Longing

Longing

Written by Rhea Mathews ’21, Art by Lauren Campbell ’21

I come home, take off my shoes and wander into the kitchen, all while balancing my phone between my shoulder and my ear. I sigh when I look at the kitchen table — it’s still messy.  I told Julie to clean it this morning, but she never listens to me. I fidget with the napkins and the mail— mostly Raj’s mail, but God forbid if I ever tell him to pick it up—  scattered across the table as Anu whines in my ear, over the phone.

“She always has new clothes. Every time we see her, she’s wearing something different. Who’s giving her all that money? It can’t be her mother, not with her salary. I’m telling you, it must be her fiancé. He’s a little ugly, you know, but you can’t tell if you’re too busy looking at his Montblanc watch and designer suit. Sheeba doesn’t really care if he’s ugly. Why would she? I heard he buys her a new Tory Burch purse every month.”

Anu’s such a gossip. Sometimes I don’t know why I even bother talking to her.

“Anu, Sheeba’s fiancé would never buy her a Tory Burch bag. She’s hardly a catch, she’s not even fresh fish.”

The fear of being seen as rotting fish haunts all of us. It’s probably why we just stick to wherever we land first.

“Abigail, her marriage hardly lasted long enough to call her a divorcee.”

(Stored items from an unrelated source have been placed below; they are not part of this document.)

(* Let $[m]=X_1\cup\dots\cup X_k$ with the $X_i$ pairwise disjoint sets of size $n$, let $v_i$ be the smallest element of $X_i$, and let $k\ge\ell\ge\ell'\ge t\ge1$. Suppose that $\mathcal{F}\subseteq\mathcal{H}(n,k,\ell)$ and $\mathcal{G}\subseteq\mathcal{H}(n,k,\ell')$ are shifted and cross $t$-intersecting. Then $\mathcal{A}(\mathcal{F})\subseteq\{A\subseteq[k]:|A|\le\ell\}$ and $\mathcal{A}(\mathcal{G})\subseteq\{A\subseteq[k]:|A|\le\ell'\}$ are cross $t$-intersecting.
   Context: Here $m=kn$ with the natural order on $[m]$. $\mathcal{H}(n,k,\ell)=\{H\subseteq[m]:|H|=\ell,\ |H\cap X_i|\le1\ \forall i\in[k]\}$. For a family $\mathcal{F}$ of subsets and $i<j$, the shifting operator is $s_{i,j}(\mathcal{F})=\{s_{i,j}(F):F\in\mathcal{F}\}$ where $s_{i,j}(F)=(F\setminus\{j\})\cup\{i\}$ if $j\in F$, $i\notin F$ and $(F\setminus\{j\})\cup\{i\}\notin\mathcal{F}$, and $s_{i,j}(F)=F$ otherwise. A family $\mathcal{F}\subseteq\mathcal{H}(n,k,\ell)$ is shifted if $s_{i,j}(\mathcal{F})=\mathcal{F}$ for all $i<j$ lying in the same $X_a$ for some $a\in[k]$. For $H\in\mathcal{H}(n,k,\ell)$, $A(H)=\{i\in[k]: H\cap X_i=\{v_i\}\}$, and $\mathcal{A}(\mathcal{F})=\{A(F):F\in\mathcal{F}\}$. Families $\mathcal{F},\mathcal{G}$ are cross $t$-intersecting if $|F\cap G|\ge t$ for all $F\in\mathcal{F},G\in\mathcal{G}$. *)

From mathcomp Require Import all_boot all_order.
Set Implicit Arguments. Unset Strict Implicit. Unset Printing Implicit Defensive.

Definition shift_set (T : finType) (i j : T) (FF : {set {set T}}) (S : {set T})
  : {set T} :=
  if (j \in S) && (i \notin S) && ((i |: (S :\ j)) \notin FF)
  then i |: (S :\ j) else S.

Definition shift_fam (T : finType) (i j : T) (FF : {set {set T}}) : {set {set T}} :=
  [set shift_set i j FF S | S in FF].

Definition Hfam (m k l : nat) (X : 'I_k -> {set 'I_m}) : {set {set 'I_m}} :=
  [set H : {set 'I_m} | (#|H| == l) && [forall a : 'I_k, #|H :&: X a| <= 1]].

Definition shifted (m k : nat) (X : 'I_k -> {set 'I_m}) (FF : {set {set 'I_m}}) :=
  forall i j : 'I_m, (i < j)%N -> (exists a : 'I_k, (i \in X a) && (j \in X a)) ->
    shift_fam i j FF = FF.

Definition A_of (m k : nat) (X : 'I_k -> {set 'I_m}) (v : 'I_k -> 'I_m)
  (H : {set 'I_m}) : {set 'I_k} :=
  [set i : 'I_k | H :&: X i == [set v i]].

Definition A_fam (m k : nat) (X : 'I_k -> {set 'I_m}) (v : 'I_k -> 'I_m)
  (FF : {set {set 'I_m}}) : {set {set 'I_k}} :=
  [set A_of X v F | F in FF].

Definition cross_tint (T : finType) (t : nat) (FF GG : {set {set T}}) : Prop :=
  forall F G, F \in FF -> G \in GG -> (t <= #|F :&: G|)%N.

From mathcomp Require Import all_boot all_order.
Set Implicit Arguments. Unset Strict Implicit.

(* Write V for the set of minimal elements v_a.  For a set H meeting
   every part at most once, a is in A(H) iff v_a is in H, so v maps
   A(F) :&: A(G) bijectively onto F :&: G :&: V.  Given F in a shifted family
   and G with |F :&: G| >= t, every x in F :&: G outside V can be shifted down
   to the v_a of its part; as v_a is not in G this only loses x from F :&: G.
   Repeating, we reach F' in the family with F' :&: G contained in
   F :&: G :&: V, whence t <= |F' :&: G| <= |F :&: G :&: V| = |A(F) :&: A(G)|. *)

Lemma mem_shifted m k (X : 'I_k -> {set 'I_m}) (FF : {set {set 'I_m}})
    (F : {set 'I_m}) (i j : 'I_m) (a : 'I_k) :
  shifted X FF -> F \in FF -> (i < j)%N -> i \in X a -> j \in X a ->
  j \in F -> i \notin F -> i |: (F :\ j) \in FF.
Proof.
move=> FF_shifted FF_F lt_ij iXa jXa jF iNF.
have shift_FF : shift_fam i j FF = FF.
  by apply: FF_shifted => //; exists a; rewrite iXa jXa.
apply: contraT => FF'N; case/negP: (FF'N).
rewrite -shift_FF; apply/imsetP; exists F => //.
by rewrite /shift_set jF iNF FF'N.
Qed.

Section PartitionedGroundSet.

Variables (m k : nat) (X : 'I_k -> {set 'I_m}) (v : 'I_k -> 'I_m).
Hypothesis X_disjoint : forall a b : 'I_k, a != b -> [disjoint X a & X b].
Hypothesis X_cover : \bigcup_(a < k) X a = [set: 'I_m].
Hypothesis v_in_part : forall a, v a \in X a.
Hypothesis v_min : forall a x, x \in X a -> (v a <= x)%N.

Let V := [set v a | a : 'I_k].

Definition partial_transversal (H : {set 'I_m}) :=
  forall a : 'I_k, (#|H :&: X a| <= 1)%N.

Lemma mem_Hfam l (H : {set 'I_m}) :
  H \in Hfam l X -> #|H| = l /\ partial_transversal H.
Proof. by rewrite inE => /andP[/eqP -> /forallP]. Qed.

Lemma v_inj : injective v.
Proof.
move=> a b vab; have [//|neq_ab] := eqVneq a b.
by have := disjointFr (X_disjoint neq_ab) (v_in_part a); rewrite vab v_in_part.
Qed.

Lemma exists_part (x : 'I_m) : exists a, x \in X a.
Proof.
have : x \in \bigcup_(a < k) X a by rewrite X_cover inE.
by case/bigcupP=> a _; exists a.
Qed.

Lemma partial_transversal_eq (H : {set 'I_m}) a x y :
  partial_transversal H -> x \in H -> y \in H -> x \in X a -> y \in X a -> x = y.
Proof.
move=> /(_ a)/card_le1_eqP H1 xH yH xXa yXa.
by apply: H1; rewrite inE ?xH ?yH.
Qed.

Lemma mem_A_of (H : {set 'I_m}) a :
  partial_transversal H -> (a \in A_of X v H) = (v a \in H).
Proof.
move=> H_tr; rewrite inE; apply/eqP/idP => [HXa | vaH].
  by have := set11 (v a); rewrite -HXa => /setIP[].
apply/eqP; rewrite eq_sym eqEcard sub1set inE vaH v_in_part cards1.
exact: H_tr.
Qed.

Lemma imset_A_of (H : {set 'I_m}) :
  partial_transversal H -> v @: A_of X v H = H :&: V.
Proof.
move=> H_tr; apply/setP=> y; rewrite inE.
apply/imsetP/andP => [[a aA ->] | [yH /imsetP[a _ y_va]]].
  by rewrite -(mem_A_of _ H_tr) aA imset_f.
by exists a; rewrite // mem_A_of -?y_va.
Qed.

Lemma card_A_of (H : {set 'I_m}) :
  partial_transversal H -> #|A_of X v H| = #|H :&: V|.
Proof. by move=> H_tr; rewrite -imset_A_of // card_imset //; apply: v_inj. Qed.

Lemma card_A_ofI (F G : {set 'I_m}) :
  partial_transversal F -> partial_transversal G ->
  #|A_of X v F :&: A_of X v G| = #|F :&: G :&: V|.
Proof.
move=> F_tr G_tr; rewrite -(card_imset _ v_inj) imsetI ?imset_A_of //.
  by rewrite setIACA setIid.
by move=> ? ? _ _; apply: v_inj.
Qed.

Variables (FF : {set {set 'I_m}}) (G : {set 'I_m}).
Hypothesis FF_shifted : shifted X FF.
Hypothesis FF_tr : forall F, F \in FF -> partial_transversal F.
Hypothesis G_tr : partial_transversal G.

(* Shifting x down to the minimum v_a of its part is allowed since F meets
   X_a only in x, and v_a cannot lie in G since G meets X_a only in x. *)
Lemma shift_out_of_intersection (F : {set 'I_m}) x :
  F \in FF -> x \in F :&: G -> x \notin V ->
  exists2 F', F' \in FF & F' :&: G \subset (F :&: G) :\ x.
Proof.
move=> FF_F /setIP[xF xG] xNV; have [a xXa] := exists_part x.
have va_neq_x : v a != x by apply: contraNneq xNV => <-; apply: imset_f.
have lt_va_x : (v a < x)%N by rewrite ltn_neqAle va_neq_x v_min.
have vaNF : v a \notin F.
  apply: contra va_neq_x => vaF.
  by rewrite (partial_transversal_eq (FF_tr FF_F) vaF xF (v_in_part a) xXa).
exists (v a |: (F :\ x)).
  exact: mem_shifted lt_va_x (v_in_part a) xXa xF vaNF.
apply/subsetP=> y; rewrite !inE => /andP[/orP[/eqP-> | /andP[yNx yF]] yG].
  by rewrite (partial_transversal_eq G_tr yG xG (v_in_part a) xXa) eqxx in va_neq_x.
by rewrite yNx yF yG.
Qed.

Lemma shift_into_minima (F : {set 'I_m}) :
  F \in FF -> exists2 F', F' \in FF & F' :&: G \subset F :&: G :&: V.
Proof.
have [N] := ubnP #|F :&: G :\: V|; elim: N => // N IH in F *.
rewrite ltnS => leN FF_F.
have [/eqP outside0 | /set0Pn[x]] := boolP (F :&: G :\: V == set0).
  exists F => //; apply/subsetP=> y yFG; rewrite inE yFG /=.
  apply: contraT => yNV; suff : y \in F :&: G :\: V by rewrite outside0 inE.
  by rewrite inE yNV.
rewrite inE => /andP[xNV xFG].
have [F1 FF_F1 sub_F1] := shift_out_of_intersection FF_F xFG xNV.
have [|F2 FF_F2 sub_F2] := IH F1 _ FF_F1.
  apply: leq_trans leN; rewrite (cardsD1 x (F :&: G :\: V)) inE xNV xFG ltnS.
  apply: subset_leq_card; apply/subsetP=> y /setDP[yF1G yNV].
  by have := subsetP sub_F1 y yF1G; rewrite !inE yNV => /and3P[-> -> ->].
exists F2 => //; apply: subset_trans sub_F2 _; rewrite setSI //.
by apply: subset_trans sub_F1 (subsetDl _ _).
Qed.

Lemma cross_tint_A_of t (F : {set 'I_m}) :
  (forall F', F' \in FF -> (t <= #|F' :&: G|)%N) -> F \in FF ->
  (t <= #|A_of X v F :&: A_of X v G|)%N.
Proof.
move=> FG_tint FF_F; rewrite card_A_ofI //; last exact: FF_tr.
have [F' FF_F' sub_F'] := shift_into_minima FF_F.
by apply: leq_trans (FG_tint _ FF_F') (subset_leq_card sub_F').
Qed.

End PartitionedGroundSet.

Theorem lemma3p2 (n k l l' t : nat) (X : 'I_k -> {set 'I_(k * n)})
    (v : 'I_k -> 'I_(k * n))
    (HXdisj : forall a b : 'I_k, a != b -> [disjoint X a & X b])
    (HXsize : forall a : 'I_k, #|X a| = n)
    (HXcover : \bigcup_(a < k) X a = [set: 'I_(k * n)])
    (Hv : forall a : 'I_k, v a \in X a /\ (forall x, x \in X a -> (v a <= x)%N))
    (Hkl : (l <= k)%N) (Hll : (l' <= l)%N) (Hlt : (t <= l')%N) (Ht : (1 <= t)%N)
    (F G : {set {set 'I_(k * n)}})
    (HF : F \subset Hfam l X) (HG : G \subset Hfam l' X)
    (HFs : shifted X F) (HGs : shifted X G)
    (HFG : cross_tint t F G) :
  A_fam X v F \subset [set A : {set 'I_k} | (#|A| <= l)%N] /\
  A_fam X v G \subset [set A : {set 'I_k} | (#|A| <= l')%N] /\
  cross_tint t (A_fam X v F) (A_fam X v G).
Proof.
have v_in_part a : v a \in X a by case: (Hv a).
have v_min a x : x \in X a -> (v a <= x)%N by case: (Hv a) => _; apply.
have A_fam_card L (FF : {set {set 'I_(k * n)}}) : FF \subset Hfam L X ->
    A_fam X v FF \subset [set A : {set 'I_k} | (#|A| <= L)%N].
  move=> /subsetP sub_FF.
  apply/subsetP=> _ /imsetP[H /sub_FF/mem_Hfam[<- H_tr] ->].
  by rewrite inE (card_A_of HXdisj v_in_part) ?subset_leq_card ?subsetIl.
split; [exact: A_fam_card | split; first exact: A_fam_card].
move=> _ _ /imsetP[F1 FF1 ->] /imsetP[G1 GG1 ->].
have [_ G1_tr] := mem_Hfam (subsetP HG _ GG1).
apply: (cross_tint_A_of HXdisj HXcover v_in_part v_min HFs _ G1_tr) => //.
- by move=> H /(subsetP HF)/mem_Hfam[].
- by move=> H FH; apply: HFG.
Qed.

Of course, she thinks that. Anu’s always flirting with everyone’s husbands. My parents told me that marriage is sacred and that’s what Raj’s parents told him and that’s what I’ll tell Julie. I wonder how many people would be better off if no one ever told us marriage was unbreakable.

I reply, half of what I think, “Marriage is not a game that you can just decided to play one day and stop playing any time you want. Sheeba was married and now she’s not and the man she was married to is still alive and well, so she’s not a widow, then she must be a divorcee.”

Okay.” Anu fattens the word out just like she fattens her chicken curry with potatoes. She claims it’s because her husband likes potatoes, but everyone knows it’s because she’s too cheap to buy more chicken.

“But,” she asks, “how do you explain all her new clothes?”

“I heard it’s because she gained so much weight that her parents just had to buy new clothes so Manoj wouldn’t leave her.”

Sheeba’s weight gain was getting to be as ridiculous as Anu’s gossip, honestly. No one’s asking her to be a skinny little stick, but at the rate she’s going she won’t be able to fit through the church door in June.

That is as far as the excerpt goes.